# Moisture increase with sweating bales



## bhamrick (Jan 4, 2013)

What kind of moisture percentages do you guys normally see in small squares as the bale sweats if baled in the 14 to 18% range. We have some that was baled 6 days ago and testing in the low to high 20's yet the inside of the bales are cool to the touch and smells great.


----------



## Vol (Jul 5, 2009)

Are you using different moisture reading instruments to bale with and to test them with in the barn?

Regards, Mike


----------



## bhamrick (Jan 4, 2013)

Yes sir .. We are using harvest tech on the baler during baling and the delmhorst to test out of the baler.


----------



## Vol (Jul 5, 2009)

hmmmm....sounds like maybe something is not jiving. Have you ever tested one of your bales that you just baled and knew what the harvest tech reading was with your delmhorst and compared how they read against each other?
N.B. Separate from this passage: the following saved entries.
Lemma infinitely_often_close (A : nat -> Prop) (x : nat -> R) (M d : R) :
  0 < d -> infinitely_often A -> (forall n, A n -> Rabs (x n) <= M) ->
  exists A', (forall n, A' n -> A n) /\ infinitely_often A' /\
    forall n m, A' n -> A' m -> Rabs (x n - x m) <= d.
Proof.
  intros hd HA Hx.
  destruct (INR_archimed d (2 * M) hd) as [j Hj].
  destruct (infinitely_often_narrow x j A (- M) (2 * M) HA) as [A' [a [HA' [HA'io Hx']]]].
  { intros n An. specialize (Hx n An). apply Rabs_le_between in Hx. lra. }
  exists A'. split; [exact HA'|split; [exact HA'io|]]. intros n m An Am.
  assert (Hw : 2 * M / 2 ^ j <= d).
  { pose proof (INR_le_pow2 j). pose proof (pow_lt 2 j ltac:(lra)).
    apply Rle_div_l; [lra|]. nra. }
  pose proof (Hx' n An). pose proof (Hx' m Am). apply Rabs_le. lra.
Qed.

(** * Uniform cluster points of equi-Lipschitz families *)

Lemma infinitely_often_close_finite (x : nat -> nat -> R) (M d : R) (k : nat) :
  0 < d -> forall A, infinitely_often A ->
  (forall i n, (i <= k)%nat -> A n -> Rabs (x i n) <= M) ->
  exists A', (forall n, A' n -> A n) /\ infinitely_often A' /\
    forall i n m, (i <= k)%nat -> A' n -> A' m -> Rabs (x i n - x i m) <= d.
Proof.
  intros hd. induction k as [|k IH]; intros A HA Hx.
  - destruct (infinitely_often_close A (x 0%nat) M d hd HA) as [A' [H1 [HA' Hx']]].
    { intros n An. apply Hx; auto. }
    exists A'. split; [exact H1|split; [exact HA'|]].
    intros i n m hi. replace i with 0%nat by lia. auto.
  - destruct (IH A HA) as [A1 [H1 [HA1 Hx1]]].
    { intros i n hi. apply Hx. lia. }
    destruct (infinitely_often_close A1 (x (S k)) M d hd HA1) as [A2 [H2 [HA2 Hx2]]].
    { intros n An. apply Hx; auto. }
    exists A2. split; [auto|split; [exact HA2|]]. intros i n m hi An Am.
    destruct (Nat.eq_dec i (S k)) as [->|ne]; [auto|]. apply Hx1; auto; lia.
Qed.

Lemma infinitely_often_uniformly_close (z : nat -> R -> R) (A : nat -> Prop) (L K M eps : R) :
  0 <= L -> 0 <= K -> 0 < eps -> infinitely_often A ->
  (forall n t, A n -> 0 <= t <= L -> Rabs (z n t) <= M) ->
  (forall n t1 t2, A n -> 0 <= t1 <= L -> 0 <= t2 <= L ->
     Rabs (z n t1 - z n t2) <= K * Rabs (t1 - t2)) ->
  exists A', (forall n, A' n -> A n) /\ infinitely_often A' /\
    forall n m t, A' n -> A' m -> 0 <= t <= L -> Rabs (z n t - z m t) <= eps.
Proof.
  intros hL hK he HA Hb Hlip.
  set (h := eps / (3 * (K + 1))).
  assert (hh : 0 < h) by (unfold h; apply Rdiv_lt_0_compat; lra).
  assert (hKh : K * h <= eps / 3).
  { unfold h. replace (K * (eps / (3 * (K + 1)))) with (eps / 3 * (K / (K + 1))) by (field; lra).
    assert (K / (K + 1) <= 1) by (apply Rle_div_l; lra). nra. }
  destruct (nfloor_ex (L / h)) as [k Hk]; [apply Rdiv_le_0_compat; lra|].
  destruct (infinitely_often_close_finite (fun i n => z n (INR i * h)) M (eps / 3) k
              ltac:(lra) A HA) as [A' [H1 [HA' Hx]]].
  { intros i n hi An. apply Hb; [exact An|split].
    - apply Rmult_le_pos; [apply pos_INR|lra].
    - apply Rle_div_r; [lra|]. apply Rle_trans with (INR k); [apply le_INR|]; lia || lra. }
  exists A'. split; [exact H1|split; [exact HA'|]]. intros n m t An Am ht.
  destruct (nfloor_ex (t / h)) as [i Hi]; [apply Rdiv_le_0_compat; lra|].
  assert (hik : (i <= k)%nat).
  { cut (INR i < INR k + 1); [intros Hlt; rewrite <- S_INR in Hlt; apply INR_lt in Hlt; lia|].
    apply Rle_lt_trans with (L / h); [|lra].
    apply Rle_trans with (t / h); [lra|].
    apply Rmult_le_compat_r; [left; apply Rinv_0_lt_compat|]; lra. }
  assert (hti : INR i * h <= t <= INR i * h + h).
  { destruct Hi as [Hi1 Hi2]. split.
    - apply Rle_div_r; lra.
    - apply Rlt_div_l in Hi2; lra. }
  assert (hdist : forall p, A' p -> Rabs (z p t - z p (INR i * h)) <= eps / 3).
  { intros p Ap. pose proof (pos_INR i).
    eapply Rle_trans; [apply Hlip; auto; split; [apply Rmult_le_pos|]; lra|].
    eapply Rle_trans; [|exact hKh]. apply Rmult_le_compat_l; [lra|]. apply Rabs_le. lra. }
  pose proof (hdist n An) as Dn. pose proof (hdist m Am) as Dm.
  pose proof (Hx i n m hik An Am) as Dnm.
  apply Rabs_le_between in Dn, Dm, Dnm. apply Rabs_le. lra.
Qed.

Definition uniform_cluster (z : nat -> R -> R) (A : nat -> Prop) (L : R) (w : R -> R) : Prop :=
  forall eps, 0 < eps -> forall N, exists n, (N <= n)%nat /\ A n /\
    forall t, 0 <= t <= L -> Rabs (z n t - w t) <= eps.

Lemma nested_refinement (A0 : nat -> Prop) (Q : (nat -> Prop) -> nat -> Prop) :
  infinitely_often A0 ->
  (forall A j, infinitely_often A -> (forall n, A n -> A0 n) ->
     exists A', (forall n, A' n -> A n) /\ infinitely_often A' /\ Q A' j) ->
  exists Ak : nat -> nat -> Prop,
    (forall j n, Ak j n -> A0 n) /\ (forall j j' n, (j <= j')%nat -> Ak j' n -> Ak j n) /\
    (forall j, infinitely_often (Ak j)) /\ (forall j, Q (Ak j) j).
Proof.
  intros HA0 Hstep.
  destruct (choice (fun (p : (nat -> Prop) * nat) A' =>
      infinitely_often (fst p) -> (forall n, fst p n -> A0 n) ->
      (forall n, A' n -> fst p n) /\ infinitely_often A' /\ Q A' (snd p))) as [refinement Hrefine].
  { intros [A j]. destruct (classic (infinitely_often A /\ forall n, A n -> A0 n)) as [[HA HAA0]|H].
    - destruct (Hstep A j HA HAA0) as [A' HA']. exists A'. auto.
    - exists A. intros HA HAA0. tauto. }
  set (Ak := fix Ak (j : nat) : nat -> Prop :=
         match j with O => refinement (A0, O) | S j' => refinement (Ak j', S j') end).
  assert (Hinv : forall j, infinitely_often (Ak j) /\ (forall n, Ak j n -> A0 n) /\ Q (Ak j) j).
  { induction j as [|j [IHio [IHsub IHQ]]].
    - destruct (Hrefine (A0, O) HA0 (fun n h => h)) as [Hsub [Hio HQ]]. auto.
    - destruct (Hrefine (Ak j, S j) IHio IHsub) as [Hsub [Hio HQ]]. simpl in Hsub.
      split; [exact Hio|split; [auto|exact HQ]]. }
  assert (Hone : forall j n, Ak (S j) n -> Ak j n).
  { intros j. destruct (Hinv j) as [Hio [Hsub _]]. apply (Hrefine (Ak j, S j) Hio Hsub). }
  exists Ak. split; [apply Hinv|split; [|split; apply Hinv]].
  intros j j' n Hjj'. induction Hjj' as [|j' _ IH]; auto.
Qed.

Lemma nested_uniform_limit (z : nat -> R -> R) (L : R) (Ak : nat -> nat -> Prop) :
  (forall j j' n, (j <= j')%nat -> Ak j' n -> Ak j n) -> (forall j, infinitely_often (Ak j)) ->
  (forall j n m t, Ak j n -> Ak j m -> 0 <= t <= L -> Rabs (z n t - z m t) <= / INR (S j)) ->
  exists w, forall j n t, Ak j n -> 0 <= t <= L -> Rabs (z n t - w t) <= / INR (S j).
Proof.
  intros Hnest Hio Hdiam.
  destruct (choice Ak) as [pick Hpick].
  { intros j. destruct (Hio j 0%nat) as [n [_ Hn]]. eauto. }
  destruct (choice (fun t l => 0 <= t <= L -> Un_cv (fun j => z (pick j) t) l)) as [w Hw].
  { intros t. destruct (classic (0 <= t <= L)) as [ht|ht]; [|exists 0; tauto].
    destruct (R_complete (fun j => z (pick j) t)) as [l Hl]; [|exists l; auto].
    intros eps he. destruct (inv_INR_S_small eps he) as [N HN]. exists N.
    intros j j' hj hj'. unfold R_dist. eapply Rle_lt_trans; [|exact HN].
    apply Hdiam; [apply (Hnest N j)|apply (Hnest N j')|]; auto. }
  exists w. intros j n t Hn ht. apply Rle_plus_epsilon. intros eps he.
  destruct (Hw t ht eps he) as [N HN]. specialize (HN (max N j) ltac:(lia)). unfold R_dist in HN.
  pose proof (Hdiam j n (pick (max N j)) t Hn (Hnest j (max N j) _ ltac:(lia) (Hpick _)) ht) as D.
  apply Rabs_lt_between' in HN. apply Rabs_le_between' in D. apply Rabs_le_between'. lra.
Qed.
(* Let $R$ be a commutative domain with unit, let $f\in R$ be nonzero and non-invertible, and let $S=R[u,v]/(uv-f)$, with $R$ regarded as a subring of $S$. Let $a\in R$. Then: (i) if $a$ is irreducible in $S$, then $a$ is irreducible in $R$; (ii) if $a$ is irreducible in $R$ and not associated with $f$ in $R$, then $a$ is irreducible in $S$. *)

From HB Require Import structures.
From mathcomp Require Import all_boot all_order all_algebra.
From mathcomp Require Import ring_quotient generic_quotient.
From mathcomp Require Import boolp.
Set Implicit Arguments. Unset Strict Implicit. Unset Printing Implicit Defensive.
Import GRing.Theory.
Local Open Scope ring_scope.
Local Open Scope quotient_scope.

Definition is_unit (T : comNzRingType) (x : T) : Prop := exists y, x * y = 1.

Definition irreducible_elt (T : comNzRingType) (x : T) : Prop :=
  [/\ x != 0, ~ is_unit x &
      forall y z : T, x = y * z -> is_unit y \/ is_unit z].

Definition associated (T : comNzRingType) (a b : T) : Prop :=
  exists e, is_unit e /\ a = e * b.

Section UVQuotient.
Variables (R : idomainType) (f : R).

(* The bivariate polynomial ring R[u][v] := {poly {poly R}}:
   u is the inner variable, v the outer one. *)
Definition var_u : {poly {poly R}} := ('X : {poly R})%:P.
Definition var_v : {poly {poly R}} := 'X.

Definition uvf : {poly {poly R}} := var_u * var_v - f%:P%:P.

Definition uvf_ideal : {pred {poly {poly R}}} :=
  fun p => `[< exists g, p = g * uvf >].

Lemma uvf_size : size uvf = 2%N.
Proof.
rewrite /uvf /var_u /var_v -polyCN size_MXaddC.
by rewrite polyC_eq0 polyX_eq0 /= size_polyC polyX_eq0.
Qed.

Lemma uvf_ideal_closed : idealr_closed uvf_ideal.
Proof.
split.
- by apply/asboolP; exists 0; rewrite mul0r.
- apply/negP => /asboolP [g Hg].
  have : size (1 : {poly {poly R}}) = size (g * uvf) by rewrite -Hg.
  rewrite size_poly1.
  have [->|g0] := eqVneq g 0; first by rewrite mul0r size_poly0.
  have u0 : uvf != 0 by rewrite -size_poly_eq0 uvf_size.
  rewrite size_mul // uvf_size addn2 /=.
  by move: g0; rewrite -size_poly_eq0; case: (size g).
- move=> a u v /asboolP [g Hg] /asboolP [h Hh]; apply/asboolP.
  by exists (a * g + h); rewrite Hg Hh mulrDl mulrA.
Qed.

HB.instance Definition _ := isIdealr.Build {poly {poly R}} uvf_ideal
  uvf_ideal_closed.

Definition S_uv := {ideal_quot uvf_ideal}.

Definition iota_S (r : R) : S_uv := \pi_S_uv (r%:P%:P).

End UVQuotient.

From HB Require Import structures.
From mathcomp Require Import all_boot all_order all_algebra.
From mathcomp Require Import ring_quotient generic_quotient fraction boolp ring.
Set Implicit Arguments. Unset Strict Implicit. Unset Printing Implicit Defensive.
Import GRing.Theory.
Local Open Scope ring_scope.
Local Open Scope quotient_scope.

(* The evaluation u := f, v := 1 is a ring retraction S -> R, so an element
   of R that is a unit in S is already a unit in R; this gives (i).
   For (ii), u := u, v := f/u embeds S into the fraction field of R[u]
   (u is a non-zero-divisor modulo uv - f because f != 0).  If a = y z in S,
   clearing powers of u turns this into a factorization of the monomial
   a u^k in R[u], so y and z map to Laurent monomials c u^i and d u^-i with
   a = c d.  If i = 0 then y and z lie in R, and irreducibility in R applies;
   if i > 0 then y = c u^i in S, and retracting gives a = c f^i r, so f
   divides a and a is associated with f (symmetrically if i < 0). *)

Lemma associated_of_irreducible (T : comNzRingType) (a b f : T) :
  irreducible_elt a -> ~ is_unit f -> a = b * f -> associated a f.
Proof. by case=> _ _ airr nuf abf; case: (airr _ _ abf) => // ub; exists b. Qed.

Lemma rmorph_is_unit (T U : comNzRingType) (g : {rmorphism T -> U}) x :
  is_unit x -> is_unit (g x).
Proof. by case=> y xy; exists (g y); rewrite -rmorphM xy rmorph1. Qed.

Section Retraction.
Variables (T U : comNzRingType) (g : {rmorphism T -> U}) (h : U -> T).
Hypotheses (hM : {morph h : x y / x * y}) (h1 : h 1 = 1) (gK : cancel g h).

Lemma is_unit_retract x : is_unit (g x) -> is_unit x.
Proof. by case=> y xy; exists (h y); rewrite -[x]gK -hM xy h1. Qed.

Lemma irreducible_retract a : irreducible_elt (g a) -> irreducible_elt a.
Proof.
case=> ga0 nuga gairr; split.
- by apply: contraNneq ga0 => ->; rewrite rmorph0.
- by move/(rmorph_is_unit g).
- move=> y z ayz; have := gairr (g y) (g z); rewrite -rmorphM -ayz.
  by case/(_ erefl) => /is_unit_retract; [left | right].
Qed.

End Retraction.

Section QuotientLift.
Variables (T : comNzRingType) (I : idealr T) (U : nzRingType).
Variable g : {rmorphism T -> U}.
Hypothesis gI : {in I, forall x, g x = 0}.

Definition quot_lift (y : {ideal_quot I}) : U := g (repr y).

Lemma quot_lift_pi x : quot_lift (\pi x) = g x.
Proof.
apply/eqP; rewrite -subr_eq0 -rmorphB gI //.
by rewrite Quotient.idealrBE reprK.
Qed.

Lemma quot_liftM : {morph quot_lift : x y / x * y}.
Proof.
by move=> x y; rewrite -[x]reprK -[y]reprK -rmorphM !quot_lift_pi rmorphM.
Qed.

Lemma quot_lift_inj : (forall x, g x = 0 -> x \in I) -> injective quot_lift.
Proof.
move=> kerI y z; rewrite -[y]reprK -[z]reprK !quot_lift_pi => gyz.
by apply/eqP; rewrite -Quotient.idealrBE kerI // rmorphB gyz subrr.
Qed.

End QuotientLift.

Lemma drop_poly1_mulX (R : nzRingType) (p : {poly R}) :
  p`_0 = 0 -> drop_poly 1 p * 'X = p.
Proof.
by move=> p0; apply/polyP => -[|i]; rewrite coefMX ?coef_drop_poly ?addn1.
Qed.

Lemma monomial_factors (R : idomainType) (a : R) k (p q : {poly R}) :
  a != 0 -> p * q = a%:P * 'X^k ->
  exists c d i j,
    [/\ p = c%:P * 'X^i, q = d%:P * 'X^j, (i + j)%N = k & a = c * d].
Proof.
move=> a0; elim: k p q => [|k IHk] p q pqa.
  have /andP[/eqP p1 /eqP q1] : (size p == 1) && (size q == 1).
    by rewrite -size_mul_eq1 pqa expr0 mulr1 size_polyC a0.
  have Cp : p = (p`_0)%:P by apply: size1_polyC; rewrite p1.
  have Cq : q = (q`_0)%:P by apply: size1_polyC; rewrite q1.
  exists p`_0, q`_0, 0%N, 0%N; rewrite !expr0 !mulr1; split=> //.
  by apply: polyC_inj; rewrite polyCM -Cp -Cq pqa expr0 mulr1.
have XI : GRing.rreg ('X : {poly R}) by apply/mulIf; rewrite polyX_eq0.
have /eqP := coef0M p q; rewrite pqa coefCM coefXn mulr0 eq_sym mulf_eq0.
case/orP => /eqP/drop_poly1_mulX pX.
- have [|c [d [i [j [dp -> <- ->]]]]] := IHk (drop_poly 1 p) q.
    by apply: XI; rewrite /= mulrAC pX pqa exprSr mulrA.
  by exists c, d, i.+1, j; rewrite -pX dp exprSr mulrA.
- have [|c [d [i [j [-> dq <- ->]]]]] := IHk p (drop_poly 1 q).
    by apply: XI; rewrite /= -mulrA pX pqa exprSr mulrA.
  by exists c, d, i, j.+1; rewrite -pX dq exprSr mulrA addnS.
Qed.

Section UVQuotientTheory.
Variables (R : idomainType) (f : R).
Local Notation P2 := {poly {poly R}}.
Local Notation S := (S_uv f).
Local Notation I := (uvf_ideal f).
Local Notation u := (var_u R).
Local Notation v := (var_v R).
Local Notation "x %:F" := (@FracField.tofrac _ x).

HB.instance Definition _ :=
  GRing.RMorphism.copy (iota_S f) (\pi_S \o polyC \o polyC).

Lemma uvf_idealP p : p \in I <-> exists g, p = g * uvf f.
Proof. by split=> /asboolP. Qed.

Lemma rmorph_uvf_ideal (T : nzRingType) (g : {rmorphism P2 -> T}) :
  g u * g v = g f%:P%:P -> {in I, forall p, g p = 0}.
Proof.
move=> guv p /uvf_idealP[h ->].
by rewrite rmorphM /uvf rmorphB rmorphM guv subrr mulr0.
Qed.

(* (u, v) := (f, 1) *)
Definition eval_f1 : {rmorphism P2 -> R} :=
  horner_morph (fun p : {poly R} => mulrC 1 (horner_eval f p)).

Lemma eval_f1C c : eval_f1 c%:P%:P = c.
Proof. by rewrite /eval_f1 /= horner_morphC; exact: hornerC. Qed.

Lemma eval_f1u : eval_f1 u = f.
Proof. by rewrite /eval_f1 /= horner_morphC; exact: hornerX. Qed.

Lemma eval_f1_uvf_ideal : {in I, forall p, eval_f1 p = 0}.
Proof.
apply: rmorph_uvf_ideal.
by rewrite eval_f1C eval_f1u /eval_f1 /= horner_morphX mulr1.
Qed.

Definition f_over_u : {fraction {poly R}} := ('X%:F)^-1 * (f%:P)%:F.

(* (u, v) := (u, f/u) *)
Definition eval_frac : {rmorphism P2 -> {fraction {poly R}}} :=
  horner_morph (fun p : {poly R} => mulrC f_over_u p%:F).

Lemma eval_fracC c : eval_frac c%:P = c%:F.
Proof. exact: horner_morphC. Qed.

Lemma eval_fracX : eval_frac 'X = f_over_u.
Proof. exact: horner_morphX. Qed.

Lemma tofracX_neq0 : 'X%:F != 0 :> {fraction {poly R}}.
Proof. by rewrite tofrac_eq0 polyX_eq0. Qed.

Lemma f_over_u_mulX : f_over_u * 'X%:F = (f%:P)%:F.
Proof. by rewrite /f_over_u mulrC mulVKf ?tofracX_neq0. Qed.

Lemma eval_frac_uvf_ideal : {in I, forall p, eval_frac p = 0}.
Proof.
apply: rmorph_uvf_ideal.
by rewrite eval_fracX !eval_fracC mulrC f_over_u_mulX.
Qed.

Lemma eval_frac_denominator p :
  exists N (q : {poly R}), eval_frac p * ('X^N)%:F = q%:F.
Proof.
elim/poly_ind: p => [|p c [N [q pq]]].
  by exists 0%N, 0; rewrite !rmorph0 mul0r.
exists N.+1, (q * f%:P + c * 'X^(N.+1)).
rewrite rmorphD rmorphM eval_fracX eval_fracC exprSr !(tofracD, tofracM).
by rewrite -pq -f_over_u_mulX; ring.
Qed.

Hypothesis f_neq0 : f != 0.

Lemma lead_coef_uvf : lead_coef (uvf f) = 'X.
Proof.
rewrite /lead_coef uvf_size /uvf /var_u /var_v coefB coefCM coefX coefC /=.
by rewrite mulr1 subr0.
Qed.

(* Comparing constant terms in u of f G = u (G v - W) shows that u divides G. *)
Lemma uvf_ideal_cancelu W : u * W \in I -> W \in I.
Proof.
case/uvf_idealP=> G uWG.
have G0 n : (G`_n)`_0 = 0.
  have : f%:P%:P * G = u * (G * v - W) by rewrite mulrBr uWG /uvf; ring.
  move/(congr1 (fun p : P2 => (p`_n)`_0)); rewrite /= /var_u !coefCM coefXM /=.
  by move/eqP; rewrite mulf_eq0 (negPf f_neq0) => /eqP.
have GuG : G = u * map_poly (drop_poly 1) G.
  apply/polyP => n; rewrite /var_u coefCM coef_map_id0 ?drop_poly0r //.
  by rewrite mulrC drop_poly1_mulX.
apply/uvf_idealP; exists (map_poly (drop_poly 1) G).
have u_neq0 : u != 0 by rewrite polyC_eq0 polyX_eq0.
by apply: (mulfI u_neq0); rewrite uWG {1}GuG mulrA.
Qed.

Lemma uvf_ideal_canceluX k W : u ^+ k * W \in I -> W \in I.
Proof.
elim: k W => [|k IHk] W; first by rewrite expr0 mul1r.
by rewrite exprS -mulrA => /uvf_ideal_cancelu/IHk.
Qed.

(* Pseudo-division by uv - f, whose leading coefficient in v is u, leaves a
   remainder in R[u], on which eval_frac is the injective map into fractions. *)
Lemma eval_frac_kernel p : eval_frac p = 0 -> p \in I.
Proof.
move=> p0; have uvf_neq0 : uvf f != 0 by rewrite -size_poly_eq0 uvf_size.
have : (size (p %% uvf f)%R <= 1)%N.
  by rewrite -ltnS -(uvf_size f) Pdiv.Idomain.ltn_modp.
move/size1_polyC; set r := _`_0 => pr.
have := Pdiv.Idomain.divp_eq p (uvf f); rewrite lead_coef_uvf pr.
set k := Pdiv.Idomain.scalp _ _; set g := _ %/ _ => E.
have uvf_in : uvf f \in I by apply/uvf_idealP; exists 1; rewrite mul1r.
have r0 : r = 0.
  have := congr1 eval_frac E; rewrite -mul_polyC rmorphD !rmorphM p0 mulr0.
  rewrite (eval_frac_uvf_ideal uvf_in) mulr0 add0r eval_fracC.
  by move/esym/eqP; rewrite tofrac_eq0 => /eqP.
apply: (@uvf_ideal_canceluX k); rewrite /var_u -polyC_exp mul_polyC E r0 addr0.
by apply/uvf_idealP; exists g.
Qed.

Definition retractS : S -> R := quot_lift eval_f1.
Definition embedS : S -> {fraction {poly R}} := quot_lift eval_frac.

Lemma retractS_pi p : retractS (\pi p) = eval_f1 p.
Proof. exact: quot_lift_pi eval_f1_uvf_ideal p. Qed.

Lemma retractSM : {morph retractS : x y / x * y}.
Proof. exact: quot_liftM eval_f1_uvf_ideal. Qed.

Lemma retractS1 : retractS 1 = 1.
Proof. by rewrite -(rmorph1 \pi_S) retractS_pi rmorph1. Qed.

Lemma retractS_iota c : retractS (iota_S f c) = c.
Proof. by rewrite retractS_pi eval_f1C. Qed.

Lemma embedS_pi p : embedS (\pi p) = eval_frac p.
Proof. exact: quot_lift_pi eval_frac_uvf_ideal p. Qed.

Lemma embedSM : {morph embedS : x y / x * y}.
Proof. exact: quot_liftM eval_frac_uvf_ideal. Qed.

Lemma embedS_inj : injective embedS.
Proof. exact: quot_lift_inj eval_frac_uvf_ideal eval_frac_kernel. Qed.

Lemma embedS_denominator y : exists N (q : {poly R}), embedS y * ('X^N)%:F = q%:F.
Proof. by rewrite -[y]reprK embedS_pi; exact: eval_frac_denominator. Qed.

Lemma embedS_monomial y N c k :
  embedS y * ('X^N)%:F = (c%:P * 'X^(k + N))%:F -> y = \pi_S ((c%:P * 'X^k)%:P).
Proof.
move=> yN; apply: embedS_inj; rewrite embedS_pi eval_fracC.
have XN_neq0 : ('X^N)%:F != 0 :> {fraction {poly R}}.
  by rewrite rmorphXn expf_neq0 ?tofracX_neq0.
by apply: (mulIf XN_neq0); rewrite yN exprD mulrA rmorphM.
Qed.

Lemma f_dvd_retractS y N i c :
  embedS y * ('X^N)%:F = (c%:P * 'X^i)%:F -> (N < i)%N ->
  exists r, retractS y = r * f.
Proof.
move=> yN /subnK iN; rewrite -iN addnS -addSn in yN.
exists (c * f ^+ (i - N.+1)); rewrite (embedS_monomial yN) retractS_pi.
by rewrite polyCM rmorphM eval_f1C polyC_exp rmorphXn eval_f1u exprSr mulrA.
Qed.

Lemma iota_of_embedS y N c :
  embedS y * ('X^N)%:F = (c%:P * 'X^N)%:F -> y = iota_S f c.
Proof. by rewrite -{2}[N]add0n => /embedS_monomial ->; rewrite expr0 mulr1. Qed.

Lemma iota_factor_cases a y z : a != 0 -> y * z = iota_S f a ->
  (exists c d, [/\ y = iota_S f c, z = iota_S f d & a = c * d]) \/
  exists r, a = r * f.
Proof.
move=> a_neq0 yza.
have [N [p yN]] := embedS_denominator y.
have [M [q zM]] := embedS_denominator z.
have : p * q = a%:P * 'X^(N + M).
  apply/eqP; rewrite -tofrac_eq !tofracM -yN -zM exprD tofracM.
  by rewrite mulrACA -embedSM yza embedS_pi eval_fracC.
case/(monomial_factors a_neq0) => c [d [i [j [pc qd ij acd]]]].
rewrite pc in yN; rewrite qd in zM.
have a_retract : a = retractS y * retractS z.
  by rewrite -retractSM yza retractS_iota.
case: (ltngtP N i) => [Ni | iN | Ni].
- have [r ry] := f_dvd_retractS yN Ni.
  by right; exists (r * retractS z); rewrite a_retract ry mulrAC.
- have [|r rz] := f_dvd_retractS zM.
    by rewrite -(ltn_add2l N) -ij ltn_add2r.
  by right; exists (retractS y * r); rewrite a_retract rz mulrA.
- rewrite -Ni in yN ij.
  have jM : j = M by apply/eqP; rewrite -(eqn_add2l N) ij.
  rewrite jM in zM; left; exists c, d.
  by rewrite (iota_of_embedS yN) (iota_of_embedS zM).
Qed.

Lemma irreducible_of_iota a : irreducible_elt (iota_S f a) -> irreducible_elt a.
Proof. exact: (irreducible_retract retractSM retractS1 retractS_iota). Qed.

Lemma irreducible_iota a : ~ is_unit f ->
  irreducible_elt a -> ~ associated a f -> irreducible_elt (iota_S f a).
Proof.
move=> nuf [a_neq0 nua airr] naf; split.
- apply: contra_neq a_neq0 => ia0.
  by apply: (can_inj retractS_iota); rewrite ia0 rmorph0.
- by move/(is_unit_retract retractSM retractS1 retractS_iota).
move=> y z /esym/(iota_factor_cases a_neq0) [[c [d [-> -> acd]]] | [r ar]].
- by case: (airr c d acd) => /(rmorph_is_unit (iota_S f)); [left | right].
- by case: naf; apply: associated_of_irreducible ar.
Qed.

End UVQuotientTheory.

Theorem lemma1p4 (R : idomainType) (f : R) (hf0 : f != 0) (hfu : ~ is_unit f)
  (a : R) :
  (irreducible_elt (iota_S f a) -> irreducible_elt a) /\
  (irreducible_elt a -> ~ associated a f -> irreducible_elt (iota_S f a)).
Proof.
split; [exact: irreducible_of_iota | exact: irreducible_iota].
Qed.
Testing in the high 20's, but yet cool and smelling good would make me mighty suspicious of the delmhorst....maybe check the calibration.

Regards, Mike


----------



## bhamrick (Jan 4, 2013)

I've compared the two meters before but didn't when I baled last week. Seems like last time I compared the two they were pretty close to the same readings maybe within a percentage or so. I just checked the calibration on the delmhorst and it checks out good per the manual. We baled some alfalfa the same day we baled the grass and it was averaging 12 to 14% while baling with harvest tech and it pretty much test 12 to 14 % 6 days later yet the grass is testing high. Really am puzzled as to what the deal is. I've baled to dry of hay and to wet of hay before and while this isn't crispy it's not wet either. It was however baled with a little more moisture than what I typically bale. Last couple years we baled at 11 and 12% and the bales just seemed almost to dry.


----------